This section briefly details the technique used to label a single neuron for observing neurons using confocal microscopy . A tiling heat-shock protocol in MARCM labeling was adapted to cover most neurons born at different times. Animals were kept in a 37°C water bath for 3 min to 60 min, depending on the Gal4 driver used, with 50% overlapping periods throughout the entire development from embryo to adult eclosion. In each case, GFP expression was controlled by a specific Gal4 driver with the expression being dependent on the stochastic removal of a Gal80 repressor by heat-shock-induced expression of a flippase protein during mitotic recombination at cell birth. The Gal4 lines were driven by the promoter of an essential protein for synthesis or processing of one of the following neurotransmitters: acetylcholine (Cha-Gal4), dopamine (TH-Gal4), GABA (Gad1-Gal4), glutamate (VGlut-Gal4), octopamine (Tdc2-Gal4), or serotonin (Trh-Gal4).
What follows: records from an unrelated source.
(* Let $\mathbf{w} = (\omega_k)_{k\geq 1}$ be a bounded sequence of strictly positive real numbers such that $$\sup_{n \geq 1} \inf_{k \geq 1} \prod_{j=1}^n \omega_{k+j} \leq 1.$$ Then there exists $\beta \geq 1$ such that for every $N \in \mathbb{N}$ the set $$\mathcal{A}^{\mathbf{w}}_{N,\beta} = \Big\{ k \in \mathbb{N} : \max_{k < u \leq k+N} \prod_{j=u}^{k+N} \omega_j \leq \beta \Big\}$$ is infinite. *)

From HB Require Import structures.
From mathcomp Require Import all_boot all_order all_algebra.
From mathcomp Require Import all_classical all_reals.
Set Implicit Arguments. Unset Strict Implicit. Unset Printing Implicit Defensive.
Import Order.TTheory GRing.Theory Num.Theory.
Local Open Scope ring_scope.
Local Open Scope classical_set_scope.

(* The weight sequence w is indexed by k >= 1; the value w 0 is ignored. *)

Definition inf_block {R : realType} (w : nat -> R) (n : nat) : R :=
  inf [set (\prod_(1 <= j < n.+1) w (k + j)%N) | k in [set k : nat | (1 <= k)%N]].

(* max_{k < u <= k+N} prod_{j=u}^{k+N} w_j  (empty max := 0, only for N = 0) *)
Definition tail_max {R : realType} (w : nat -> R) (N k : nat) : R :=
  \big[Num.max/0]_(k.+1 <= u < (k + N).+1) \prod_(u <= j < (k + N).+1) w j.

Definition Aset {R : realType} (w : nat -> R) (N : nat) (beta : R) : set nat :=
  [set k : nat | (1 <= k)%N /\ tail_max w N k <= beta].

(* Take beta = 2 and suppose A_{N,2} finite. Then every late enough e has a
   suffix ]t, e] of length at most N with product > 2; chaining these suffixes
   backwards shows that the product over ]a, e] is at least 2^((e-a)/N) up to
   the factor M^N lost at the last junction, M a bound of w. With a positive
   lower bound of w on the finitely many early indices, every window ]k, k+n]
   has product at least c 2^(n/N) for some c > 0, whereas by hypothesis some
   window of each length has product below 2. *)

From HB Require Import structures.
From mathcomp Require Import all_boot all_order all_algebra.
From mathcomp Require Import all_classical all_reals.
From mathcomp Require Import zify.
Import Order.TTheory GRing.Theory Num.Theory.
Local Open Scope ring_scope.
Local Open Scope classical_set_scope.

Definition prod_oc {R : pzSemiRingType} (w : nat -> R) (a e : nat) : R :=
  \prod_(a.+1 <= i < e.+1) w i.

Lemma prod_oc_id (R : pzSemiRingType) (w : nat -> R) a : prod_oc w a a = 1.
Proof. by rewrite /prod_oc big_geq. Qed.

Lemma prod_oc_cat (R : pzSemiRingType) (w : nat -> R) a t e :
  (a <= t <= e)%N -> prod_oc w a e = prod_oc w a t * prod_oc w t e.
Proof. by move=> /andP[a_le_t t_le_e]; rewrite /prod_oc (big_cat_nat _ (n := t.+1)). Qed.

Lemma finite_set_nat_lt (A : set nat) :
  finite_set A -> exists T, forall k, A k -> (k < T)%N.
Proof.
move=> /finite_fsetP[X ->]; exists (\max_(x <- finmap.enum_fset X) x).+1.
by move=> k Xk; rewrite ltnS; apply: leq_bigmax_seq.
Qed.

Section PositiveWeights.
Variables (R : realDomainType) (w : nat -> R).
Hypothesis wpos : forall k, (1 <= k)%N -> 0 < w k.

Lemma prod_oc_gt0 a e : 0 < prod_oc w a e.
Proof.
rewrite /prod_oc big_nat_cond; apply: prodr_gt0 => i /andP[/andP[ai _] _].
exact: wpos (leq_trans (ltn0Sn a) ai).
Qed.

Lemma prod_oc_le_expn (M : R) N a e :
  1 <= M -> (forall k, (1 <= k)%N -> w k <= M) -> (e - a <= N)%N ->
  prod_oc w a e <= M ^+ N.
Proof.
move=> M_ge1 wM eaN; apply: (@le_trans _ _ (M ^+ (e.+1 - a.+1))).
  rewrite -prodr_const_nat /prod_oc big_nat_cond [leRHS]big_nat_cond.
  apply: ler_prod => i /andP[/andP[ai _] _].
  by rewrite ltW ?wM ?wpos //; apply: leq_trans ai.
by apply: ler_weXn2l => //; rewrite subSS.
Qed.

Lemma prefix_lower_bound T :
  exists2 m : R, 0 < m <= 1 & forall k, (1 <= k <= T)%N -> m <= w k.
Proof.
elim: T => [|T [m /andP[m_gt0 m_le1] wm]].
  by exists 1 => [|k]; [rewrite ltr01 lexx | lia].
exists (Num.min m (w T.+1)); first by rewrite lt_min m_gt0 wpos //= ge_min m_le1.
move=> k /andP[k_ge1]; rewrite leq_eqVlt ltnS ge_min => /predU1P[->|kT].
  by rewrite lexx orbT.
by rewrite wm ?k_ge1.
Qed.

End PositiveWeights.

Lemma prod_oc_ge_expn (R : numDomainType) (w : nat -> R) (m : R) N a e :
  0 <= m <= 1 -> (forall k, (a < k <= e)%N -> m <= w k) -> (e - a <= N)%N ->
  m ^+ N <= prod_oc w a e.
Proof.
move=> /andP[m_ge0 m_le1] wm eaN; apply: (@le_trans _ _ (m ^+ (e.+1 - a.+1))).
  by apply: ler_wiXn2l => //; rewrite subSS.
rewrite -prodr_const_nat /prod_oc big_nat_cond [leRHS]big_nat_cond.
by apply: ler_prod => i /andP[/andP[ai ie] _]; rewrite m_ge0 wm ?ai.
Qed.

Lemma not_Aset_jump (R : realType) (w : nat -> R) N k (beta : R) :
  0 <= beta -> (1 <= k)%N -> ~ Aset w N beta k ->
  exists2 t, (k <= t < k + N)%N & beta < prod_oc w t (k + N).
Proof.
move=> beta_ge0 k_ge1; apply: contra_notP => no_jump; split => //.
rewrite /tail_max big_nat_cond; apply: bigmax_le => // u /andP[/andP[ku uN] _].
rewrite leNgt; apply/negP => beta_lt; apply: no_jump; exists u.-1.
  by rewrite -ltnS prednK //; lia.
by rewrite /prod_oc prednK //; lia.
Qed.

Lemma finite_Aset_jump (R : realType) (w : nat -> R) N (beta : R) :
  0 <= beta -> finite_set (Aset w N beta) -> exists E, forall e, (E <= e)%N ->
  exists2 t, (e - N <= t < e)%N & beta < prod_oc w t e.
Proof.
move=> beta_ge0 /finite_set_nat_lt[T A_lt_T]; exists (T.+1 + N)%N => e Ee.
have := @not_Aset_jump _ w N (e - N) beta beta_ge0; rewrite subnK; last by lia.
by apply; [lia | move/A_lt_T; lia].
Qed.

Lemma exists_expn2_gt (R : archiNumDomainType) (C : R) :
  0 <= C -> exists q : nat, C < 2 ^+ q.
Proof.
move=> C_ge0; exists (Num.Def.archi_bound C).
apply: lt_le_trans (archi_boundP C_ge0) _.
by rewrite -natrX ler_nat ltnW // ltn_expl.
Qed.

Lemma inf_block_lt (R : realType) (w : nat -> R) n (beta : R) :
  inf_block w n < beta -> exists2 k, (1 <= k)%N & prod_oc w k (k + n) < beta.
Proof.
case/inf_lt; first by eexists; exists 1%N.
move=> _ [k k_ge1 <-] small; exists k => //.
rewrite /prod_oc -add1n big_addn (_ : ((k + n).+1 - k = n.+1)%N); last lia.
by under eq_bigr do rewrite addnC.
Qed.

Section Growth.
Variables (R : realDomainType) (w : nat -> R) (N E : nat) (beta : R).
Hypotheses (wpos : forall k, (1 <= k)%N -> 0 < w k) (beta_ge1 : 1 <= beta).
Hypothesis jump :
  forall e, (E <= e)%N -> exists2 t, (e - N <= t < e)%N & beta < prod_oc w t e.

Lemma prod_oc_growth a e : (E <= a <= e)%N ->
  exists2 t, (a - N <= t <= a)%N & beta ^+ ((e - a) %/ N) <= prod_oc w t e.
Proof.
move=> /andP[Ea]; elim/ltn_ind: e => e IH.
rewrite leq_eqVlt => /predU1P[<-|a_lt_e].
  by exists a; rewrite ?leq_subr ?leqnn // subnn div0n expr0 prod_oc_id.
have beta_ge0 : 0 <= beta by apply: le_trans beta_ge1.
have [t' /andP[t'_ge t'_lt] beta_lt] := jump _ (leq_trans Ea (ltnW a_lt_e)).
have [t'_lt_a | a_le_t'] := ltnP t' a.
  exists t'; first lia.
  apply: le_trans (ltW beta_lt); rewrite -[leRHS]expr1.
  by apply: ler_weXn2l => //; nia.
have [t t_range growth] := IH t' t'_lt a_le_t'.
have /andP[_ t_le_a] := t_range.
exists t => //; rewrite (@prod_oc_cat _ _ t t'); last first.
  by rewrite (leq_trans t_le_a a_le_t') ltnW.
apply: le_trans (ler_pM _ _ growth (ltW beta_lt)); rewrite ?exprn_ge0 // -exprSr.
by apply: ler_weXn2l => //; nia.
Qed.

Variables (M m : R).
Hypotheses (M_ge1 : 1 <= M) (wM : forall k, (1 <= k)%N -> w k <= M).
Hypotheses (m_range : 0 <= m <= 1) (wm : forall k, (1 <= k <= E)%N -> m <= w k).

Lemma expn_le_prod_oc a e : (E <= a <= e)%N ->
  beta ^+ ((e - a) %/ N) <= M ^+ N * prod_oc w a e.
Proof.
move=> a_range; have [t /andP[t_ge t_le_a] growth] := prod_oc_growth _ _ a_range.
apply: le_trans growth _; rewrite (@prod_oc_cat _ _ t a) ?t_le_a //; last by case/andP: a_range.
apply: ler_wpM2r; first exact/ltW/prod_oc_gt0.
by apply: prod_oc_le_expn => //; lia.
Qed.

Lemma expn_le_prod_oc_from k e : (k + E <= e)%N ->
  m ^+ E * beta ^+ ((e - k - E) %/ N) <= M ^+ N * prod_oc w k e.
Proof.
move=> kEe; rewrite (@prod_oc_cat _ _ k (maxn k E)); last by rewrite leq_maxl; lia.
rewrite mulrCA; apply: ler_pM.
- by apply: exprn_ge0; case/andP: m_range.
- by apply: exprn_ge0; apply: le_trans beta_ge1.
- by apply: prod_oc_ge_expn => [|j ?|]; [exact: m_range | apply: wm; lia | lia].
apply: le_trans (expn_le_prod_oc _ _ _); last by rewrite leq_maxr; lia.
by apply: ler_weXn2l => //; apply: leq_div2r; lia.
Qed.

End Growth.

Theorem lemma2p4 (R : realType) (w : nat -> R)
  (wpos : forall k : nat, (1 <= k)%N -> 0 < w k)
  (wbnd : exists M : R, forall k : nat, (1 <= k)%N -> w k <= M)
  (hsup : forall n : nat, (1 <= n)%N -> inf_block w n <= 1) :
  exists beta : R, 1 <= beta /\
    forall N : nat, infinite_set (Aset w N beta).
Proof.
have [M wM] := wbnd; set M' := Num.max 1 M.
have M'_ge1 : 1 <= M' by rewrite le_max lexx.
have wM' k : (1 <= k)%N -> w k <= M' by move=> /wM; rewrite le_max orbC => ->.
exists 2; split => [|N]; first by rewrite ler1n.
move=> /(@finite_Aset_jump _ w N 2 (ler0n _ 2))[E jump].
have [N_gt0 E_gt0] : (0 < N)%N /\ (0 < E)%N by have [t] := jump E (leqnn E); lia.
have [m /andP[m_gt0 m_le1] wm] := @prefix_lower_bound _ _ wpos E.
have m_range : 0 <= m <= 1 by rewrite ltW.
have MN_gt0 : 0 < M' ^+ N by rewrite exprn_gt0 // (lt_le_trans ltr01).
have [q q_large] : exists q : nat, M' ^+ N * 2 / m ^+ E < 2 ^+ q.
  by apply: exists_expn2_gt; rewrite ltW // divr_gt0 ?exprn_gt0 // mulr_gt0.
rewrite ltr_pdivrMr ?exprn_gt0 // in q_large.
have [k k_ge1 small] : exists2 k, (1 <= k)%N & prod_oc w k (k + (E + q * N)) < 2.
  by apply: inf_block_lt; apply: le_lt_trans (hsup _ _) _; rewrite ?ltr1n //; lia.
have := @expn_le_prod_oc_from _ w N E 2 wpos (ler1n _ 2) jump M' m M'_ge1 wM'
  m_range wm k (k + (E + q * N)) ltac:(lia).
rewrite (_ : (k + (E + q * N) - k - E = q * N)%N) ?mulnK //; last by lia.
move/le_lt_trans => /(_ (M' ^+ N * 2)); rewrite ltr_pM2l // mulrC => /(_ small).
by rewrite ltNge ltW.
Qed.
Thus, an individual neuron of putative birth time and neurotransmitter type was labeled.
Sample brains were imaged using a Zeiss LSM 510 confocal microscope with a 20× C-Apochromat water-immersion objective lens (N.A. value 1.2, working distance 220 µm). The following settings were used in image acquisition: scanning speed 7, resolution 1024×1024, line average four times, zoom 0.7, and optical slice 1 µm. The voxel size of x∶y∶z is 0∶33×0∶33×1 µm. The resolutions of the image stacks in the Olfactory Projection Fibers of the DIADEM data set were the same.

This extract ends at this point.